Despite the reforming ambition of successive presidents — Jacques Chirac spoke of the “obesity of the state” in 1986 — the number of functionaries has grown by over one million in the last 30 years and now represents 22 percent of the entire work force. They are resilient.
They also provide support unimaginable in the United States. Since arriving here four months ago, I have had a serious bicycle accident that resulted in two hospitalizations, a full brain scan and other tests. For all of this, I was charged about $250. French universal health care works, as does the welfare state. There are free Covid test pop-up tents all over Paris. The tightly organized lockdowns have stopped the pandemic from getting worse.
Still, one can get too much of a good thing.
I recently rented an apartment and needed to furnish it. As a result, I found myself at Castorama, a sort of D.I.Y. emporium with a few Gallic flourishes, that was open only because its surface area did not exceed the 10,000-square-meter limit (a little over 100,000 square feet) set by the government for such stores.
In truth, the store was only kind of open. Red-and-white tape, as if strung up around a crime scene, surrounded some sections, including the one for lamps, sconces and other wall light fixtures.
This was how I learned more about essential vs. nonessential items under the lockdown. I could buy electric cheese-heating raclette makers in a dozen different models. I could buy toasters galore, pans in all shapes, any form of home stereo equipment — but not a desk lamp.
At Boulanger, an electronics store, smoothie makers and vacuum cleaners were available for sale, but not refrigerators, stoves or other large appliances that had been roped off.
How this comported with controlling the coronavirus — over 100,000 people in France have died from it, and more than five million have been infected — was not immediately clear.
The sheer intricacy of the bureaucratic obtuseness overwhelmed me. I could not help wondering whether some fraction of the many hours devoted to coming up with such regulations might have been better used speeding the vaccines to more people. France has up to now underwhelmed in getting its population vaccinated.
The country’s shoe repair stores are open, even if you can’t buy new shoes. Its florists are open, but not kitchenware stores. Its frozen goods shops are open, but not gift shops. Bookstores are open now, although they were closed in the first lockdown. All restaurants, bars and cafes are closed. Mr. Macron has suggested that some easing of restrictions will start on May 3 — maybe.
One sign I recently passed in a shuttered beauty salon read: “Contrary to ‘hairdressers,’ it seems we are not essential to well-being. Injustice!”

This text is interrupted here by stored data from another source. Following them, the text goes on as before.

Hypothesis dot_pos : forall v, 0 <= dot v v.

Lemma qp_sol_margin {I : finType} (C : R) (pts : I -> V) a q i :
  is_qp_sol R V dot C pts a -> 0 < a q < C -> a i < C ->
  dot (wsum pts a) (pts q) <= dot (wsum pts a) (pts i).
Proof.
move=> [a_feas a_opt] /andP[aq_gt0 aq_ltC] ai_ltC.
rewrite leNgt; apply/negP => margin_lt.
have iq : i != q by apply: contraTneq margin_lt => ->; rewrite ltxx.
set W := wsum pts a; set D := pts i - pts q.
set A := dot W D; set Q := dot D D.
have A_lt0 : A < 0 by rewrite /A dotBr subr_lt0.
have Q_ge0 : 0 <= Q := dot_pos D.
(* moving weight [e] from [q] to [i] changes the objective by [e A + e^2 Q / 2] *)
set e := Num.min (Num.min (C - a i) (a q)) (- A / (Q + 1)).
have e_gt0 : 0 < e by rewrite !lt_min subr_gt0 ai_ltC aq_gt0 divr_gt0 //; lra.
have eQ : e * (Q + 1) <= - A by rewrite -ler_pdivlMr ?ge_min ?lexx ?orbT //; lra.
have e_le_i : e <= C - a i by rewrite !ge_min lexx.
have e_le_q : e <= a q by rewrite !ge_min lexx orbT.
have := a_opt _ (qp_feasible_shift e a_feas iq (ltW e_gt0) e_le_i e_le_q).
rewrite !qp_objE wsum_shift dot_normDZ -/W -/D -/A -/Q => opt.
have : e * (e * Q) <= e * (- A - e) by apply: ler_wpM2l; lra.
nra.
Qed.

Lemma rho_le_margin {I : finType} {C : R} {pts : I -> V} {a rho} {i : I} :
  is_qp_sol R V dot C pts a -> is_rho R V dot C pts a rho -> a i < C ->
  rho <= dot (wsum pts a) (pts i).
Proof. by move=> sol [q [aq ->]]; rewrite -dot_wsuml; apply: qp_sol_margin. Qed.

Section PMI.
Context {d : nat} {Phi : 'rV[R]_d -> V} {nu : R} {N : nat}.

Local Notation inst := (inst R d N).
Local Notation bvec := (bvec R V d Phi N).
Local Notation l_step2 := (l_step2 R V dot d Phi N).
Local Notation pmi_iter := (pmi_iter R V dot d Phi nu N).
Local Notation cap := ((nu * N%:R)^-1).

Lemma l_step2E S lam alpha rho x :
  l_step2 S lam alpha rho x = dot (wsum (bvec S lam) alpha) (Phi x) - rho.
Proof.
rewrite dot_wsuml; congr (_ - _); apply: eq_bigr => j _.
rewrite /Defs.bvec dot_suml; congr (_ * _); apply: eq_bigr => k _.
by rewrite dotZl /ker dot_sym.
Qed.

Lemma l_step2_avg S (lam : 'I_N -> nat -> R) alpha rho i :
  \sum_(j < size (S i)) lam i j = 1 ->
  \sum_(j < size (S i)) lam i j * l_step2 S lam alpha rho (inst S i j) =
  dot (wsum (bvec S lam) alpha) (bvec S lam i) - rho.
Proof.
move=> lam_sum; under eq_bigr do rewrite l_step2E mulrBr.
rewrite sumrB -mulr_suml lam_sum mul1r /Defs.bvec dot_sumr; congr (_ - _).
by apply: eq_bigr => j _; rewrite dotZr.
Qed.

Lemma below_cap_nonneg_instance {C : R} {S lam alpha rho} i :
  lam_feasible R d N S lam -> is_qp_sol R V dot C (bvec S lam) alpha ->
  is_rho R V dot C (bvec S lam) alpha rho -> alpha i < C ->
  exists2 j, (j < size (S i))%N & 0 <= l_step2 S lam alpha rho (inst S i j).
Proof.
move=> lam_feas sol rho_def ai_ltC; have [lam_ge0 lam_sum] := lam_feas i.
have avg_ge0 : 0 <= \sum_(j < size (S i)) lam i j * l_step2 S lam alpha rho (inst S i j).
  by rewrite l_step2_avg // subr_ge0 (rho_le_margin sol rho_def ai_ltC).
have [j lj] := exists_ge0_of_convex_comb (fun j => lam_ge0 j (ltn_ord j)) lam_sum avg_ge0.
by exists j.
Qed.

Lemma pmi_iter_size_le {S q S'} i :
  pmi_iter S q S' -> (size (S' i) <= size (S i))%N.
Proof.
by case=> [_ [_ [_ [lf [_ [_ [_ [_ [_ [_ ->]]]]]]]]]]; rewrite size_filter count_size.
Qed.

Lemma pmi_iter_nonempty {S q S'} i : pmi_iter S q S' -> (0 < size (S' i))%N.
Proof.
case=> [_ [_ [_ [lf [_ [_ [_ [_ [not_all_pos [_ ->]]]]]]]]]].
rewrite size_filter -has_count; apply/negPn/negP => /hasPn all_pos.
apply: not_all_pos; exists i => j lt_j.
by have := all_pos _ (mem_nth 0 lt_j); rewrite negbK => /eqP.
Qed.

Lemma pmi_iter_removes {S q S'} :
  pmi_iter S q S' -> exists2 alpha, qp_feasible R cap alpha &
    forall i, alpha i < cap -> (size (S' i) < size (S i))%N.
Proof.
case=> lam [alpha [rho [lf [[lam_feas _] [sol [rho_def [[_ lf_def] [_ [_ S'_def]]]]]]]]].
have nonneg i := below_cap_nonneg_instance i lam_feas sol rho_def.
have lf_eq x : lf x = l_step2 S lam alpha rho x.
  apply: lf_def => -[i [ai_lt all_neg]].
  have [j lt_j lj] := nonneg i ai_lt.
  by move: (all_neg j lt_j); rewrite /sgn lj.
exists alpha => [|i ai_lt]; first by case: sol.
have [j lt_j lj] := nonneg i ai_lt.
rewrite S'_def size_filter -(count_predC (fun x => sgn R (lf x) != 1%R) (S i)).
rewrite -[X in (X < _)%N]addn0 ltn_add2l -has_count; apply/hasP.
by exists (inst S i j); [apply: mem_nth | rewrite /= negbK lf_eq /sgn lj].
Qed.

Lemma pmi_iter_shrinks_all {S q S'} i :
  0 < nu * N%:R < 1 -> pmi_iter S q S' -> (size (S' i) < size (S i))%N.
Proof.
move=> /andP[nuN_gt0 nuN_lt1] /pmi_iter_removes [alpha feas]; apply.
by apply: le_lt_trans (qp_feasible_le1 i feas) _; rewrite invf_gt1.
Qed.

Lemma pmi_iter_total_size {S q S'} :
  0 < nu -> (0 < N)%N -> pmi_iter S q S' ->
  (total_size S')%:R + (1 - nu) * N%:R <= (total_size S)%:R :> R.
Proof.
move=> nu_gt0 N_gt0 iter.
have [alpha feas shrink] := pmi_iter_removes iter.
set P := [pred i | alpha i < cap].
have removed : (total_size S' + #|P| <= total_size S)%N.
  rewrite /total_size -sum1_card [X in (_ + X)%N]big_mkcond -big_split /=.
  apply: leq_sum => i _.
  rewrite inE; case: ifP => [/shrink|_]; first by rewrite addn1.
  by rewrite addn0 (pmi_iter_size_le i iter).
have cap_gt0 : 0 < cap by rewrite invr_gt0 mulr_gt0 // ltr0n.
have capped : #|[predC P]|%:R <= nu * N%:R.
  have -> : #|[predC P]| = #|[pred p | cap <= alpha p]|.
    by apply: eq_card => p; rewrite !inE leNgt.
  by rewrite -[X in _ <= X]invrK; apply: card_capped_le.
have card_split := cardC P; rewrite card_ord in card_split.
move: removed card_split; rewrite -(ler_nat R) natrD => removed.
move/(congr1 (fun n => n%:R : R)); rewrite natrD => card_split.
rewrite mulrBl mul1r; lra.
Qed.

Section Run.
Context {Ss : nat -> 'I_N -> seq 'rV[R]_d} {qs : nat -> 'rV[R]_d} {m : nat}.
Hypothesis run : forall t, (t < m)%N -> pmi_iter (Ss t) (qs t) (Ss t.+1).

Lemma pmi_run_nonempty i : (0 < size (Ss 0%N i))%N -> (0 < size (Ss m i))%N.
Proof. by case: m run => [|t] steps // _; apply: pmi_iter_nonempty (steps t _). Qed.

Lemma pmi_run_size i : 0 < nu * N%:R < 1 -> (m + size (Ss m i) <= size (Ss 0%N i))%N.
Proof.
move=> nuN.
have shrink t : (t < m)%N -> (size (Ss t.+1 i))%:R + 1 <= (size (Ss t i))%:R :> R.
  by move=> ht; rewrite natr1 ler_nat (pmi_iter_shrinks_all i nuN (run t ht)).
by have := descent_bound _ shrink; rewrite mulr1 -natrD ler_nat addnC.
Qed.

Lemma pmi_run_total_size : 0 < nu -> (0 < N)%N ->
  (total_size (Ss m))%:R + m%:R * ((1 - nu) * N%:R) <= (total_size (Ss 0%N))%:R :> R.
Proof.
move=> nu_gt0 N_gt0; apply: (descent_bound (fun t => (total_size (Ss t))%:R)).
by move=> t ht; apply: pmi_iter_total_size nu_gt0 N_gt0 (run t ht).
Qed.

End Run.
End PMI.
End InnerProduct.

Lemma size_le_total_size {R : realType} {d N : nat} (B : 'I_N -> seq 'rV[R]_d) i :
  (size (B i) <= total_size B)%N.
Proof. by rewrite /total_size (bigD1 i) //= leq_addr. Qed.

Lemma leq_min_size {R : realType} {d N : nat} (B : 'I_N -> seq 'rV[R]_d) k :
  (0 < N)%N -> (forall i, k <= size (B i))%N -> (k <= min_size B)%N.
Proof.
move=> N_gt0 k_le; apply: (big_ind (fun x => k <= x)%N) => //.
- exact: leq_trans (k_le (Ordinal N_gt0)) (size_le_total_size B _).
- by move=> x y kx ky; rewrite leq_min kx ky.
Qed.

As for lingerie and underwear stores, deemed nonessential and so closed, they have embarked on a national protest involving sending lacy panties every day to Prime Minister Jean Castex from all over France.
I know there has to be a logic to what’s open and what’s closed. France, after all, still has a commissioner general for planning, as if the Soviet Union had never disappeared. The country proceeds with methodical purpose based on the analysis and forecasts of highly trained public servants, formed in elite schools.
Still, an overwhelming question grips my entire being: Why these apparently arbitrary rules?
I asked a Castorama store assistant to explain why, for example, the lamps I coveted were off limits while I could buy a crepe maker.
“I don’t really know,” she said. “But, of course, you can always use a candle.”